Coming up: new fantasy trilogy

So, I’ve recently decided to take a really long fantasy novel that’s been sitting here for quite some time, cut it into pieces, and self-publish it. It’s a portal fantasy, more or less, with a tremendously important backstory. You can think of it as a story that asks the questions, “And after the hugely important quest has been achieved, what then? What if destroying the Dark Lord was seriously traumatic? Where do you go from there?” I basically took a big epic fantasy and put the whole thing in the backstory and then moved on from that point.





This is an interesting story to me because I was trying to do several things I haven’t done in other novels. One of the most important influences was Dorothy Dunnett, because I was deliberately trying to do something unusual that Dunnett pulled off perfectly: separate the roles of the pov character and the protagonist. The pov is a person from our world, but the protagonist — the person who drives the action — is not that person and never takes the pov.





I worked and reworked this story several times … I remember referring to it as The Neverending Revision From Hell for a while … but it’s been finished for a long time. So, now that I am seriously trying to increase sales and income from self-published work, this seems like a good time to bring it out. That won’t be tomorrow. I need to do a fair bit of tinkering to get it ready. I’m thinking early next year.





Stuff I need to do to complete this project:





a) Cut it up. That part is done. I have chosen to break this story into a prequel novella that will be about 150 pages followed by two novels that will each be about 350 pages. The novella takes place in our world, then there is a natural breaking point as we leap forward 16 years, then the story picks up just as we move through the portal and into the secondary world.





There are a lot of benefits to breaking off that novella. Not only is that a natural breaking point, but the tone shifts a fair bit. The novella is almost more literary than fantasy.

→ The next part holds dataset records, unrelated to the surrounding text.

Lemma leq_sumV x i : x i <= sumV x.
Proof. by rewrite /sumV (bigD1 i) //= leq_addr. Qed.

Lemma sumV_addunit x p : sumV (addV x (unitV p)) = (sumV x).+1.
Proof.
rewrite /sumV /addV big_split /= -addn1; congr (_ + _).
by rewrite (bigD1 p) //= /unitV eqxx big1 // => j /negbTE ->.
Qed.

Lemma decV_addunit x p : 0 < x p -> addV (decV x p) (unitV p) = x.
Proof.
move=> Hp; apply: functional_extensionality => j; rewrite /addV /decV /unitV.
by case: (eqVneq j p) => [->|_] /=; lia.
Qed.

Lemma sumV_pos x : 0 < sumV x -> exists p, 0 < x p.
Proof.
move=> Hx; apply: NNPP => Hno; move: Hx; rewrite /sumV big1 // => i _.
by apply/eqP; rewrite -leqn0 leqNgt; apply/negP => Hi; apply: Hno; exists i.
Qed.

Lemma not_leV x y : ~ leV x y -> exists i, y i < x i.
Proof.
move=> Hxy; apply: NNPP => Hno; apply: Hxy => i.
by rewrite leqNgt; apply/negP => Hi; apply: Hno; exists i.
Qed.

Lemma leV_sumV_eq x y : leV x y -> sumV y <= sumV x -> leV y x.
Proof.
move=> Hxy Hs; apply: NNPP => /not_leV [k Hk].
by have := sumV_ltn Hxy Hk; lia.
Qed.

Lemma exists_mingen (Q : expv n -> Prop) x : Q x -> exists m, mingen Q m /\ leV m x.
Proof.
elim: {x}(sumV x) {-2}x (leqnn (sumV x)) => [|N IH] x Hs Qx.
  exists x; split=> //; split=> // b _ _ i.
  by have := leq_trans (leq_sumV x i) Hs; rewrite leqn0 => /eqP ->.
case: (classic (forall b, Q b -> leV b x -> leV x b)) => [Hmin|].
  by exists x; split.
move=> /not_all_ex_not [b Hb].
have [Qb Hb'] := imply_to_and _ _ Hb.
have [Hbx Hxb] := imply_to_and _ _ Hb'.
have [i Hi] := not_leV Hxb.
have [m [Hm Hmb]] := IH b (leq_trans (sumV_ltn Hbx Hi) Hs) Qb.
by exists m; split=> //; apply: leV_trans Hbx.
Qed.

Lemma leV_ind (P : expv n -> Prop) :
  (forall a p, P a -> P (addV a (unitV p))) -> forall a b, leV a b -> P a -> P b.
Proof.
move=> Hstep a b; elim: {b}(sumV b) {-2}b (leqnn (sumV b)) => [|N IH] b Hs Hab Pa.
  suff <- : a = b by [].
  by apply: leV_anti => // i; have := leq_trans (leq_sumV b i) Hs; lia.
case: (classic (leV b a)) => [Hba|/not_leV [p Hp]].
  by rewrite -(leV_anti Hab Hba).
have Hbp : 0 < b p by lia.
rewrite -(decV_addunit Hbp); apply: Hstep; apply: IH Pa.
- by have := sumV_addunit (decV b p) p; rewrite decV_addunit //; lia.
- by move=> j; rewrite /decV; case: (eqVneq j p) => [->|_] /=; [lia | rewrite subn0].
Qed.

End Vectors.

Definition boxed n (I : expv n -> Prop) (d : expv n) : Prop :=
  forall l, 0 < l -> forall m, mingen (powI I l) m ->
    exists a : expv n, sumV a = l.-1 /\ inbox d a m.

Section Powers.
Variable n : nat.
Variable I : expv n -> Prop.
Implicit Types (a b x y : expv n).

Definition muV (d b : expv n) : expv n := fun i => b i * d i.

Definition scaleV N (g : expv n) : expv n := fun i => N * g i.

Lemma powI_up L y y' : powI I L y -> leV y y' -> powI I L y'.
Proof.
case: L => [//|L] [x [z [Ix [Iz Hle]]]] Hyy'.
by exists x, z; split=> //; split=> //; apply: leV_trans Hle Hyy'.
Qed.

Lemma powI_mul L x y : I x -> powI I L y -> powI I L.+1 (addV x y).
Proof. by move=> Ix Iy; exists x, y; split=> //; split. Qed.

Lemma powI_scale N g : I g -> powI I N (scaleV N g).
Proof.
move=> Ig; elim: N => [//|N IH]; exists g, (scaleV N g).
by split=> //; split=> // i; rewrite /scaleV mulSn.
Qed.

Lemma powI_mu (d : expv n) : (forall i, I (powV i (d i))) ->
  forall b, powI I (sumV b) (muV d b).
Proof.
move=> Imu b; move: {2 3}(sumV b) (erefl (sumV b)) => N; elim: N b => [//|N IH] b Hb.
have [p Hp] : exists p, 0 < b p by apply: sumV_pos; rewrite Hb.
have Hdec : sumV (decV b p) = N.
  by apply/eqP; rewrite -eqSS -Hb -{2}(decV_addunit Hp) sumV_addunit.
apply: (powI_up (powI_mul (Imu p) (IH _ Hdec))) => j.
rewrite /addV /powV /muV /decV; case: (eqVneq j p) => [->|_] /=; nia.
Qed.

End Powers.

Section Weight.
Variable n : nat.
Variable I : expv n -> Prop.
Variable d : expv n.
Hypothesis d_pos : forall i, 0 < d i.
Implicit Types (a b x y z : expv n).

(* The weighted degree W(y) = D * sum_i y_i / d_i with D = prod_i d_i; it is
   the linear form for which every mu^b with |b| = L has weight L * D. *)
Definition prodd : nat := \prod_(j < n) d j.
Definition weight_of (i : 'I_n) : nat := \prod_(j < n | j != i) d j.
Definition W y : nat := \sum_i y i * weight_of i.

Lemma W_add x y : W (addV x y) = W x + W y.
Proof. by rewrite /W -big_split; apply: eq_bigr => i _; rewrite mulnDl. Qed.

Lemma W_le x y : leV x y -> W x <= W y.
Proof. by move=> Hxy; apply: leq_sum => i _; rewrite leq_mul2r Hxy orbT. Qed.

Lemma W_ltn x y k : leV x y -> x k < y k -> W x < W y.
Proof.
move=> Hxy Hk; apply: (sum_ltn (k := k)) => [i|]; first by rewrite leq_mul2r Hxy orbT.
by rewrite ltn_pmul2r // prodn_gt0.
Qed.

Lemma W_mu b : W (muV d b) = prodd * sumV b.
Proof.
rewrite /W /sumV big_distrr; apply: eq_bigr => i _.
by rewrite /muV -mulnA /prodd (bigD1 i) //= mulnC.
Qed.

Lemma W_scale N g : W (scaleV N g) = N * W g.
Proof. by rewrite /W big_distrr; apply: eq_bigr => i _; rewrite /scaleV -mulnA. Qed.

Hypothesis boxI : boxed I d.

(* Goodness forces every monomial of I to have weight at least D: the minimal
   generators below g^(D+1) lie in boxes B_a with |a| = D. *)
Lemma weight_gen g : I g -> prodd <= W g.
Proof.
move=> Ig; have [z [Hz Hzg]] := exists_mingen (powI_scale prodd.+1 Ig).
have [a [Ha Hbox]] := boxI (ltn0Sn _) Hz.
have Haz : leV (muV d a) z by move=> i; case/andP: (Hbox i).
have := W_le (leV_trans Haz Hzg); rewrite W_mu W_scale Ha /=; nia.
Qed.

Lemma weight_powI L y : powI I L y -> L * prodd <= W y.
Proof.
elim: L y => [//|L IH] y [x [z [Ix [Iz Hle]]]].
by have := W_le Hle; rewrite W_add mulSn; have := weight_gen Ix; have := IH _ Iz; lia.
Qed.

End Weight.

Section Step.
Variable n : nat.
Variable I : expv n -> Prop.
Variable d : expv n.
Hypothesis d_pos : forall i, 0 < d i.
Hypothesis I_mu : forall i, I (powV i (d i)).
Hypothesis boxI : boxed I d.
Implicit Types (a b c m z : expv n) (i p : 'I_n).

Lemma addV_powV i k m q : addV (powV i k) m q = m q + (q == i) * k.
Proof. by rewrite /addV /powV; case: (q == i) => /=; lia. Qed.

(* mu^b is a minimal element of I^|b|: anything of I^|b| below it has at
   least its weight, hence equals it. *)
Lemma mu_minimal b z : powI I (sumV b) z -> leV z (muV d b) -> leV (muV d b) z.
Proof.
move=> Iz Hzb; apply: NNPP => /not_leV [k Hk].
have := W_ltn d_pos Hzb Hk; have := weight_powI boxI Iz.
by rewrite W_mu mulnC; lia.
Qed.

Lemma mingen_corner a m p : mingen (powI I (sumV a).+1) m -> inbox d a m ->
  (a p).+1 * d p <= m p -> leV m (muV d (addV a (unitV p))).
Proof.
move=> [_ Hmin] Hbox Hp; apply: Hmin.
  by rewrite -(sumV_addunit a p); apply: powI_mu.
move=> q; rewrite /muV /addV /unitV; case: (eqVneq q p) => [->|_] /=.
  by rewrite addn1.
by rewrite addn0; case/andP: (Hbox q).
Qed.

(* By goodness z lies in a box B_b with |b| = |a| + 1;
   either b = a + e_i, or z exceeds the box B_a in some direction p, which
   forces m to be the corner mu^(a+e_p) and z to be the corner mu^(a+e_i+e_p)
   (by minimality of mu^b in I^|b|). *)
Lemma mingen_step_corner a i m z :
  mingen (powI I (sumV a).+1) m -> inbox d a m ->
  mingen (powI I (sumV a).+2) z -> leV z (addV (powV i (d i)) m) ->
  leV (muV d (addV a (unitV i))) z.
Proof.
move=> Hm Hbox Hz Hzx; set c := addV a (unitV i).
have Hc : sumV c = (sumV a).+1 := sumV_addunit a i.
have [b [Hb Hboxz]] := boxI (ltn0Sn _) Hz; rewrite /= -Hc in Hb.
have Hx q := addV_powV i (d i) m q.
have [Hbc|/not_leV [p Hp]] := classic (leV b c).
  have Hcb := leV_sumV_eq Hbc (eq_leq (esym Hb)).
  by move=> q; case/andP: (Hboxz q) => Hq _; apply: leq_trans Hq; rewrite leq_mul2r Hcb orbT.
have Hmp : (a p).+1 * d p <= m p.
  case/andP: (Hboxz p) => Hzp _; have := Hzx p; rewrite Hx.
  move: Hp Hzp; rewrite /c /addV /unitV; case: (eqVneq p i) => [->|_] /=; nia.
have Hm_corner := mingen_corner Hm Hbox Hmp.
suff Hz_corner : leV (muV d (addV c (unitV p))) z.
  by move=> q; apply: leq_trans (Hz_corner q); rewrite /muV /addV leq_mul2r leq_addr orbT.
apply: mu_minimal; first by rewrite sumV_addunit Hc; case: Hz.
move=> q; apply: leq_trans (Hzx q) _; rewrite Hx; have := Hm_corner q.
rewrite /c /muV /addV /unitV; case: (eqVneq q i) => [->|_]; case: eqVneq => _ /=; nia.
Qed.

(* I_a is contained in I_(a + e_i): a generator m / mu^a of I_a, m in B_a,
   yields the generator z / mu^(a+e_i) of I_(a+e_i) dividing it, where z is a
   minimal generator of I^(|a|+2) dividing x_i^(d_i) m. *)
Lemma Ia_step a i t : Ia I d a t -> Ia I d (addV a (unitV i)) t.
Proof.
case=> m [Hbox [Hm Hmt]].
have [z [Hz Hzx]] := exists_mingen (powI_mul (I_mu i) Hm.1).
have Hcz := mingen_step_corner Hm Hbox Hz Hzx.
have Hx q := addV_powV i (d i) m q.
exists z; split; last split.
- move=> q; rewrite Hcz /=; apply: leq_trans (Hzx q) _; rewrite Hx.
  case/andP: (Hbox q) => _; rewrite /addV /unitV; case: (eqVneq q i) => [->|_] /=; nia.
- by rewrite sumV_addunit.
- move=> q; apply: leq_trans (Hmt q); have := Hzx q; have := Hcz q; rewrite Hx.
  rewrite /muV /addV /unitV; case: (eqVneq q i) => [->|_] /=; nia.
Qed.

Lemma Ia_mono a b t : leV a b -> Ia I d a t -> Ia I d b t.
Proof.
by move=> Hab; apply: (leV_ind (P := fun a => Ia I d a t)) Hab => a' p; apply: Ia_step.
Qed.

The rest of the story is more fantasy than literary. That is the only natural break. Setting that part aside lets me cut the rest into two average-sized novels.





b) Write new transitions. Now that I have the story cut into pieces, I have to write an introductory scene that helps guide the reader from the novella into the first book and both ending and introductory scenes that help move from the first book into the second.





Moving from the prequel into the first book will be challenging. I want to make it at least possible for a reader to get into the first book without reading the prequel (though that will not be an ideal way to approach this story).





The transition from the first book to the second will be much less challenging. This is because the novella resolves, but (sorry) the first book will not resolve. That’s going to just inevitably involve some sort of cliffhanger. Given that there will be a cliffhanger, there will not need to be much of a transition, as readers will either go immediately to the second book or they won’t, but they’re not likely to pause in the middle.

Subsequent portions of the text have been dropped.